• **WHAT THE TASK REQUIRES**: After locating the line with "(* Let $(f_m)$" in the data that follows, return it and every later line exactly, up to and including the line with "Variable R : realType.".

• **EXERCISE DATA**:
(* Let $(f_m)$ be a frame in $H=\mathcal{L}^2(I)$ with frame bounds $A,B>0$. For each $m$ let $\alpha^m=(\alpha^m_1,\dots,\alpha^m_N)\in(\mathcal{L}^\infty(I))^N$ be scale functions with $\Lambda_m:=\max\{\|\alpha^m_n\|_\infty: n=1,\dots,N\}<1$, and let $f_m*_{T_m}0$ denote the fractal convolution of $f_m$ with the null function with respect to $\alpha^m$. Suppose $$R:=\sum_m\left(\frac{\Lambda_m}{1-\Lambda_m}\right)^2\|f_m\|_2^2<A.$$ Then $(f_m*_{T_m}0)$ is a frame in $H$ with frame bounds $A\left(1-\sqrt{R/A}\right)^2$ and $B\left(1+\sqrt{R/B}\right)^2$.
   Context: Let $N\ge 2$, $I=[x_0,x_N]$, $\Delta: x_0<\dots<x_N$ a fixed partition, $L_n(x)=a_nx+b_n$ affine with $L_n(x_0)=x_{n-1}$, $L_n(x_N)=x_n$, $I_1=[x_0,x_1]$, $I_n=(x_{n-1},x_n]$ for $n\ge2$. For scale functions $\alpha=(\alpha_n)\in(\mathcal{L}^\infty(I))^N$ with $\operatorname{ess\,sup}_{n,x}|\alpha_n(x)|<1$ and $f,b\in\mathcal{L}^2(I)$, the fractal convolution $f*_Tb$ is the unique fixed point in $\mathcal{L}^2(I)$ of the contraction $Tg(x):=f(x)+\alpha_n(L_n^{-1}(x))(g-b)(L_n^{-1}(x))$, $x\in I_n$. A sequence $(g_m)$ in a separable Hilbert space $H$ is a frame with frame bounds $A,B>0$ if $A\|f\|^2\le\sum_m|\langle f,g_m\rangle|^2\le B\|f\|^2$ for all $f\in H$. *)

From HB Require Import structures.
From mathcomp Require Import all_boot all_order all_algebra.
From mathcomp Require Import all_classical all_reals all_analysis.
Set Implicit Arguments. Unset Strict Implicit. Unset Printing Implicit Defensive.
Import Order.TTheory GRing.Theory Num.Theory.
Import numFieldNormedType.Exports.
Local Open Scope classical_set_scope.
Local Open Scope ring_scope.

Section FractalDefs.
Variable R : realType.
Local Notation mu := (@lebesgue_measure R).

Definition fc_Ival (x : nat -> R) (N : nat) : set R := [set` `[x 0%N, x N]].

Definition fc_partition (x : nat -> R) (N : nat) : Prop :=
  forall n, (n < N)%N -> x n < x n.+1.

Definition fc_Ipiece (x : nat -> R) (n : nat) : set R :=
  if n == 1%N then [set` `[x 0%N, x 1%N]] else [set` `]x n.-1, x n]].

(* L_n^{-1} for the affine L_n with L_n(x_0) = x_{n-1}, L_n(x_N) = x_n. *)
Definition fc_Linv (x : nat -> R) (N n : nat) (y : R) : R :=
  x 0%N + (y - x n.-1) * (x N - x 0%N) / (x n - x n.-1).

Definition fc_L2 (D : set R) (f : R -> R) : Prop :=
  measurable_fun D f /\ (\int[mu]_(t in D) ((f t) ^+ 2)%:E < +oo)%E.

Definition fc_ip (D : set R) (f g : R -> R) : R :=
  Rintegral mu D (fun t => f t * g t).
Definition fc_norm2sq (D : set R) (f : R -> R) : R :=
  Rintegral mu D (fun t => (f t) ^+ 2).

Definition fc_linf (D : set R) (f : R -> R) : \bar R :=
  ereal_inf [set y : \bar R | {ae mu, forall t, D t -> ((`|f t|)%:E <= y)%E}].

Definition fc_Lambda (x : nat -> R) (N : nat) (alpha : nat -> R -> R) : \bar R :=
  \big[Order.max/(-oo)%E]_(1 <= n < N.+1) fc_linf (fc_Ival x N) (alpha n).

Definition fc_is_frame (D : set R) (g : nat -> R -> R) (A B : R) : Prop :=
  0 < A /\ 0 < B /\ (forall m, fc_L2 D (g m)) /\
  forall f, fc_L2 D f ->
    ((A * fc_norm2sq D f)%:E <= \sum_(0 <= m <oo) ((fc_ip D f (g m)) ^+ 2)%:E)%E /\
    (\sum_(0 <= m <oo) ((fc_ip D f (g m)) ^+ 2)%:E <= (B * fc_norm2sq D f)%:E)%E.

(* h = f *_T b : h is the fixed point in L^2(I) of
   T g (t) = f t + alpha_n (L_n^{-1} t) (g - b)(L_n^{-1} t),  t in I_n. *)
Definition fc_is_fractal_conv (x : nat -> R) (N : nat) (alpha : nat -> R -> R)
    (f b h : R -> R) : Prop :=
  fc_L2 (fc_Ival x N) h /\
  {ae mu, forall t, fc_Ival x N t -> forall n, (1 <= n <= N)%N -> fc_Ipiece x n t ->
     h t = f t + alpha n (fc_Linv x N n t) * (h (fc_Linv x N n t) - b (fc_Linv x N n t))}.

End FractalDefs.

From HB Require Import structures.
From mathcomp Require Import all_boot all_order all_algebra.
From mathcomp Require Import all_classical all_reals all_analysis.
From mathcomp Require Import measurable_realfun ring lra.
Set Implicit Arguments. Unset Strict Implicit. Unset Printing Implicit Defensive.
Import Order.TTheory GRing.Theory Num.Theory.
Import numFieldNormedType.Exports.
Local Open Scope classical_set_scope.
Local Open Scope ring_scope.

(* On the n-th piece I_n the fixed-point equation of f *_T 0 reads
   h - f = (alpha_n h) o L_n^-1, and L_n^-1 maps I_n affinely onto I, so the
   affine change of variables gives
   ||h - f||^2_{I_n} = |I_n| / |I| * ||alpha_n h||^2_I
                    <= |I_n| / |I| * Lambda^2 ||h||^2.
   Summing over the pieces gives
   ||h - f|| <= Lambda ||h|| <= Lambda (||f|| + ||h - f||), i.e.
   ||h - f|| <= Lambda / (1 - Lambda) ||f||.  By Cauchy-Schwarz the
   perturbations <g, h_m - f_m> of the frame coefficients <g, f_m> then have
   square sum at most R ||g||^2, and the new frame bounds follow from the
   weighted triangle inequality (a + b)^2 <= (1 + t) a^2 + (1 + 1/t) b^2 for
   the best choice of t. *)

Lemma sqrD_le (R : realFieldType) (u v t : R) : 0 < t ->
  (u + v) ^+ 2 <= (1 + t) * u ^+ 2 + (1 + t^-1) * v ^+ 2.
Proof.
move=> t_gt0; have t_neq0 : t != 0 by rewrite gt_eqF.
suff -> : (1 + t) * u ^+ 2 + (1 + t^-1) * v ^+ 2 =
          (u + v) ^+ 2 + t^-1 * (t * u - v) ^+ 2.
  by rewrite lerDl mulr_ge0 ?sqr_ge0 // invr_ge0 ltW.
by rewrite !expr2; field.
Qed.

--

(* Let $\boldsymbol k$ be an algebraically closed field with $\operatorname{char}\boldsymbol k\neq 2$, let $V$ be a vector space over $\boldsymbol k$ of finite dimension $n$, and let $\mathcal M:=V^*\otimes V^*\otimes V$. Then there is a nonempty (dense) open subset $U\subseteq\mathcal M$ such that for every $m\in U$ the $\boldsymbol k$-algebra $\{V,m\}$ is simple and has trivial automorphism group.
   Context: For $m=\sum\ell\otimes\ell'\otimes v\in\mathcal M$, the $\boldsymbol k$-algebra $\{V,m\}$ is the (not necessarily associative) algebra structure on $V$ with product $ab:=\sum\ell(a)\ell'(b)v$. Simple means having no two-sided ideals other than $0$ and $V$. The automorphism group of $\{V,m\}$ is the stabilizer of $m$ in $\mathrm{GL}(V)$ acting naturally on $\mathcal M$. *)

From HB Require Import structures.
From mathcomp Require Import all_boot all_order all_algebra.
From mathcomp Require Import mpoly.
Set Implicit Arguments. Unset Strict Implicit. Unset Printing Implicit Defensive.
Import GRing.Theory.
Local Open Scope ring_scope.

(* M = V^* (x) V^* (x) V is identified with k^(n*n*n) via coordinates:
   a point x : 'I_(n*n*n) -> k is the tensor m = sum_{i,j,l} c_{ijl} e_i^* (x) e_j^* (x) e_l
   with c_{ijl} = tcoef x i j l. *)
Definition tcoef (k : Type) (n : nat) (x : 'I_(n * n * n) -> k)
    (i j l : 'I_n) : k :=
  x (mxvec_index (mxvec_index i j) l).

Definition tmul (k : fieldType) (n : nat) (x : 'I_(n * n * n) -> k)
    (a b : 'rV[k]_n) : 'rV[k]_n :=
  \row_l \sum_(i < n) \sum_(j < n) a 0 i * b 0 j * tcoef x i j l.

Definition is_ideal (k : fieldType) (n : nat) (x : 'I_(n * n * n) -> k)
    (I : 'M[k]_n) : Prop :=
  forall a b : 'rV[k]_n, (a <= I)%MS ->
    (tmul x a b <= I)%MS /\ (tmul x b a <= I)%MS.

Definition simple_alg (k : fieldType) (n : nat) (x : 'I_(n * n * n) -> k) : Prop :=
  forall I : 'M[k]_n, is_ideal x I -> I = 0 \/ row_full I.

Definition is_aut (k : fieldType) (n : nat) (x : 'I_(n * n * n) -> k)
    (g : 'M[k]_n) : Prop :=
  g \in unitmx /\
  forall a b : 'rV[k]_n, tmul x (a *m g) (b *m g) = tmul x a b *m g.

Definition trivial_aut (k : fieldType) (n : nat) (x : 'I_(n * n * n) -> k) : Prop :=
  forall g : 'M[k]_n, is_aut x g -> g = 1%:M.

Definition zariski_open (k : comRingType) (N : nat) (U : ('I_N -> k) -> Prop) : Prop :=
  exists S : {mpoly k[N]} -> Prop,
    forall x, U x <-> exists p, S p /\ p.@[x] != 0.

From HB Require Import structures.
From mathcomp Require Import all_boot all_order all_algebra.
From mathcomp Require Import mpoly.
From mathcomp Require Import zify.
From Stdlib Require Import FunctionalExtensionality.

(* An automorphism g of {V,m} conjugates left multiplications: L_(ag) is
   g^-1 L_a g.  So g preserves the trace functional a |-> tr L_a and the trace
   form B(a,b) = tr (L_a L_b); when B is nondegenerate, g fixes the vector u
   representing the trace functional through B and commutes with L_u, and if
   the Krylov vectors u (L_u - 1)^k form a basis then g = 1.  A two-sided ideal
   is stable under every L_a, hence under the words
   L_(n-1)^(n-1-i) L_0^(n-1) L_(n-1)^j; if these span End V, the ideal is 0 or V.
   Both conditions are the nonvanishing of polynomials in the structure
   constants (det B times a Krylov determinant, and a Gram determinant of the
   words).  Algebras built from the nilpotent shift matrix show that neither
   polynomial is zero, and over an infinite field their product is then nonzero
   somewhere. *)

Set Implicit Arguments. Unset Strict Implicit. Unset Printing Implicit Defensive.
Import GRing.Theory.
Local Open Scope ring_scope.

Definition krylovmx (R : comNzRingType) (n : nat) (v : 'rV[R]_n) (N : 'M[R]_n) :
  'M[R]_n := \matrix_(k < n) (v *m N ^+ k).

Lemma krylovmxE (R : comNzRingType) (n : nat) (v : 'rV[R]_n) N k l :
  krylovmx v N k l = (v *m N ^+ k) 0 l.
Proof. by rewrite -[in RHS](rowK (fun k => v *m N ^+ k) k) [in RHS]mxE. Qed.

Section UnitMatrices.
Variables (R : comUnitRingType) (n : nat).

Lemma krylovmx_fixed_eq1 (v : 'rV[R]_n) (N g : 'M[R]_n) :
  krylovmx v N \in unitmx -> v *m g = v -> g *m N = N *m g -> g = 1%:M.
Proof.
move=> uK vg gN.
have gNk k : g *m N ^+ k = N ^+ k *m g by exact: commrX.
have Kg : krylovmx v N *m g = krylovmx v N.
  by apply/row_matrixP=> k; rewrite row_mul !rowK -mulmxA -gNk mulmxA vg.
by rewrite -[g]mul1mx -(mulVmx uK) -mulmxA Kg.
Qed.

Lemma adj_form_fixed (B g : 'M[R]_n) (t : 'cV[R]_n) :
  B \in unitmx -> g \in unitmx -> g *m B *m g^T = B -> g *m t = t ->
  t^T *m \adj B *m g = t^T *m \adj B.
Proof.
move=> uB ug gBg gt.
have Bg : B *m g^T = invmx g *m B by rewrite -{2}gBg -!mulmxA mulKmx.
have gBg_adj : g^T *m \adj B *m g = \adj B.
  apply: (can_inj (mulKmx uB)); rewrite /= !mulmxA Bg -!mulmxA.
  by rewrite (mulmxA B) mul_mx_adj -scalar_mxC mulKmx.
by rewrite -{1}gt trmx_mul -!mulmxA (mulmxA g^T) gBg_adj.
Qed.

• **RESULT OF THE EXERCISE**:
(* Let $(f_m)$ be a frame in $H=\mathcal{L}^2(I)$ with frame bounds $A,B>0$. For each $m$ let $\alpha^m=(\alpha^m_1,\dots,\alpha^m_N)\in(\mathcal{L}^\infty(I))^N$ be scale functions with $\Lambda_m:=\max\{\|\alpha^m_n\|_\infty: n=1,\dots,N\}<1$, and let $f_m*_{T_m}0$ denote the fractal convolution of $f_m$ with the null function with respect to $\alpha^m$. Suppose $$R:=\sum_m\left(\frac{\Lambda_m}{1-\Lambda_m}\right)^2\|f_m\|_2^2<A.$$ Then $(f_m*_{T_m}0)$ is a frame in $H$ with frame bounds $A\left(1-\sqrt{R/A}\right)^2$ and $B\left(1+\sqrt{R/B}\right)^2$.
   Context: Let $N\ge 2$, $I=[x_0,x_N]$, $\Delta: x_0<\dots<x_N$ a fixed partition, $L_n(x)=a_nx+b_n$ affine with $L_n(x_0)=x_{n-1}$, $L_n(x_N)=x_n$, $I_1=[x_0,x_1]$, $I_n=(x_{n-1},x_n]$ for $n\ge2$. For scale functions $\alpha=(\alpha_n)\in(\mathcal{L}^\infty(I))^N$ with $\operatorname{ess\,sup}_{n,x}|\alpha_n(x)|<1$ and $f,b\in\mathcal{L}^2(I)$, the fractal convolution $f*_Tb$ is the unique fixed point in $\mathcal{L}^2(I)$ of the contraction $Tg(x):=f(x)+\alpha_n(L_n^{-1}(x))(g-b)(L_n^{-1}(x))$, $x\in I_n$. A sequence $(g_m)$ in a separable Hilbert space $H$ is a frame with frame bounds $A,B>0$ if $A\|f\|^2\le\sum_m|\langle f,g_m\rangle|^2\le B\|f\|^2$ for all $f\in H$. *)

From HB Require Import structures.
From mathcomp Require Import all_boot all_order all_algebra.
From mathcomp Require Import all_classical all_reals all_analysis.
Set Implicit Arguments. Unset Strict Implicit. Unset Printing Implicit Defensive.
Import Order.TTheory GRing.Theory Num.Theory.
Import numFieldNormedType.Exports.
Local Open Scope classical_set_scope.
Local Open Scope ring_scope.

Section FractalDefs.
Variable R : realType.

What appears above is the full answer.